Утром, в день выборов, мне сообщили, что полиция обходила ночью дома татарских избирателей, отбирала от них заполненные бюллетени, заявляя, что они «незаконные», и вручала им «законные» со вписанными в них именами правых кандидатов.
Получив это ошеломляющее известие, я сейчас же на извозчике полетел в кофейню Мерави. Там все было тихо. За столиками, как всегда, сидели татары, пили кофе и мирно беседовали. Увидав меня, Мерави, хозяин кофейни, хитрый и юркий татарин, подошел и шепнул мне на ухо:
— Ничего, все хорошо. Пойдем.
Он повел меня узким темным коридором и привел в еще более темный погреб, где вокруг бочки, на которой тускло горела свеча, я увидел несколько человеческих фигур. Рядом с бочкой, за столом, кто-то писал. Обстановка была таинственная. Наше появление вызвало было некоторое смятение. Но, узнав меня, татары успокоились и стали весело здороваться.
— Видишь, — сказал Мерави, — татары умные.
Оказалось, что татарский комитет раздал лишь первые экземпляры бюллетеней, а вторые на всякий случай оставил у себя. Эта предусмотрительность и спасла положение.
Пока я находился в погребе, туда, один за другим, крадучись, входили татары, брали заполненные бюллетени и так же беззвучно уходили.
Выйдя на улицу, я заметил городового, очевидно специально поставленного возле кофейни для наблюдения за татарским комитетом.
— Наш, — шепнул мне на ухо Мерави.
Под свежим впечатлением мною виденного, я поехал к губернатору Новицкому с жалобой на действия полиции. Губернатор уверял меня, что слух о том, будто бы полиция отбирала у татар бюллетени, — злонамеренная выдумка и ничего подобного не было. Однако, разговаривая со мной официальным и корректным тоном, он не мог скрыть довольной улыбки, невольно говорившей мне: «А ловко мы вас таки провели». Вероятно, он удивлялся моему спокойствию и моей невольной ответной улыбке. Я ведь уже знал, кто кого провел… И действительно, город Симферополь избрал наших двух кандидатов — М. К. Мурзаева и П. Н. Толстова.

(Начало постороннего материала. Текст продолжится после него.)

(* Only finitely many integer points lie in a ball: they are enumerated by
   finite functions into ['I_(2 N).+1], shifted by [N]. *)
Lemma int_ball_lower_bound (F : 'rV[R]_n -> R) (T : R) :
  exists2 e, 0 < e & forall zi, sqnorm (int_row zi) < T ->
    0 < F (int_row zi) -> e <= F (int_row zi).
Proof.
pose N := Num.bound (1 + T).
pose shift (phi : {ffun 'I_n -> 'I_(2 * N).+1}) : 'I_n -> int :=
  fun i => (phi i : nat)%:Z - N%:Z.
pose e := \big[Order.min/1]_(phi | 0 < F (int_row (shift phi))) F (int_row (shift phi)).
exists e => [|zi zi_in Fpos]; first exact: lt_bigmin.
have hN : 1 + T < N%:R.
  by apply: archi_boundP; have := sqnorm_ge0 (int_row zi); lra.
have zi_lt i : (`|zi i| < N%:Z)%R.
  rewrite -(ltr_int R) intr_norm; apply: le_lt_trans (norm_le_1Dsqr _) _.
  by have := sqr_coord_le_sqnorm (int_row zi) i; rewrite mxE; lra.
pose phi : {ffun 'I_n -> 'I_(2 * N).+1} := [ffun i => inord (absz (zi i + N%:Z))].
have rowE : int_row zi = int_row (shift phi).
  apply/rowP => i; rewrite !mxE /shift ffunE; have := zi_lt i.
  by move=> lt; rewrite inordK; [congr (_%:~R); lia | lia].
by rewrite rowE in Fpos *; apply: bigmin_le_cond.
Qed.

(* Far from the origin [h] grows like [sqnorm] while [g] grows at most like
   it, and near the origin only finitely many integer points need checking. *)
Lemma int_domination (g h : 'rV[R]_n -> R) (Cg Ch : R) :
  0 <= Cg -> 0 <= Ch ->
  (forall zi, `|g (int_row zi)| <= Cg * (1 + sqnorm (int_row zi))) ->
  (forall zi, sqnorm (int_row zi) <= Ch * (1 + h (int_row zi))) ->
  (forall zi, 0 <= h (int_row zi)) ->
  (forall zi, h (int_row zi) = 0 -> g (int_row zi) = 0) ->
  exists2 eps, 0 < eps & forall zi, eps * `|g (int_row zi)| <= h (int_row zi).
Proof.
move=> Cg0 Ch0 g_le sqnorm_le h_ge0 h0_g0.
pose T := 2 * Ch + 1; pose K := 2 * Cg * Ch.
have K0 : 0 <= K by rewrite /K !mulr_ge0.
have [e2 e2_gt0 e2_le] := int_ball_lower_bound (fun x => h x / (1 + `|g x|)) T.
pose e1 := (K + 1)^-1.
have e1_gt0 : 0 < e1 by rewrite invr_gt0; lra.
exists (Order.min e1 e2) => [|zi]; first by rewrite lt_min e1_gt0 e2_gt0.
have G0 := normr_ge0 (g (int_row zi)); have H0 := h_ge0 zi.
have S0 := sqnorm_ge0 (int_row zi).
have [far|near] := leP T (sqnorm (int_row zi)).
  apply: le_trans (_ : e1 * `|g (int_row zi)| <= _).
    by apply: ler_wpM2r => //; rewrite ge_min lexx.
  have S1 : 1 + sqnorm (int_row zi) <= 2 * Ch * h (int_row zi).
    by have := sqnorm_le zi; rewrite /T in far; nra.
  have G_le : `|g (int_row zi)| <= K * h (int_row zi).
    by have := g_le zi; have := ler_wpM2l Cg0 S1; rewrite /K; nra.
  rewrite ler_pdivrMl ?ltr_pwDr //; nra.
apply: le_trans (_ : e2 * `|g (int_row zi)| <= _).
  by apply: ler_wpM2r => //; rewrite ge_min lexx orbT.
have [H_eq0|H_neq0] := eqVneq (h (int_row zi)) 0.
  by rewrite H_eq0 h0_g0 // normr0 mulr0.
have H_gt0 : 0 < h (int_row zi) by rewrite lt_def H_neq0 H0.
have G1_gt0 : 0 < 1 + `|g (int_row zi)| by lra.
by have := e2_le zi near (divr_gt0 H_gt0 G1_gt0); rewrite ler_pdivlMr //; nra.
Qed.
End IntegerPoints.
Arguments int_row {R n}.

После роспуска второй Думы система выборов была значительно изменена. Между прочим, городские избиратели были распределены по двум куриям, избиравшим равное число выборщиков. В первой курии голосовали немногочисленные обладатели более крупных цензов, а во второй — остальная масса граждан. Кроме того, министру внутренних дел было предоставлено дробить каждую курию по национальному признаку на две или несколько курий. Перед выборами в третью Думу первая курия симферопольских избирателей была распоряжением министра разделена на две — русскую и не русскую. Получив такую инструкцию свыше, местная избирательная комиссия решила, что единственным объективным критерием для такого деления может быть только вероисповедание, и зачислила в русскую курию православных, а людей всех прочих вероисповеданий — в не русскую.
Когда в министерстве внутренних дел узнали о решении комиссии, то очень встревожились. Ибо при такой комбинации в русскую курию попадали крещеные евреи. В Симферополь срочно была отправлена телеграмма, отменяющая решение комиссии и предлагающая делить избирателей не по вероисповеданиям, а по национальному происхождению. Пришлось переделывать списки. Комиссия совершенно запуталась в спорах о том, кого из лиц, носящих иностранные фамилии, следует считать русскими. А кроме того, заволновалась местная администрация, лучше министерства разбиравшаяся в настроениях избирателей: при делении по вероисповедному признаку в русскую курию попадали богатые греки, все как на подбор правые. С ними избрание правого выборщика было обеспечено. Теперь же греки, как лица не русского происхождения, попадали в инородческую курию, где их голоса терялись среди массы еврейских голосов. А русская курия, очищенная от греков, обеспечивала большинство кадетам.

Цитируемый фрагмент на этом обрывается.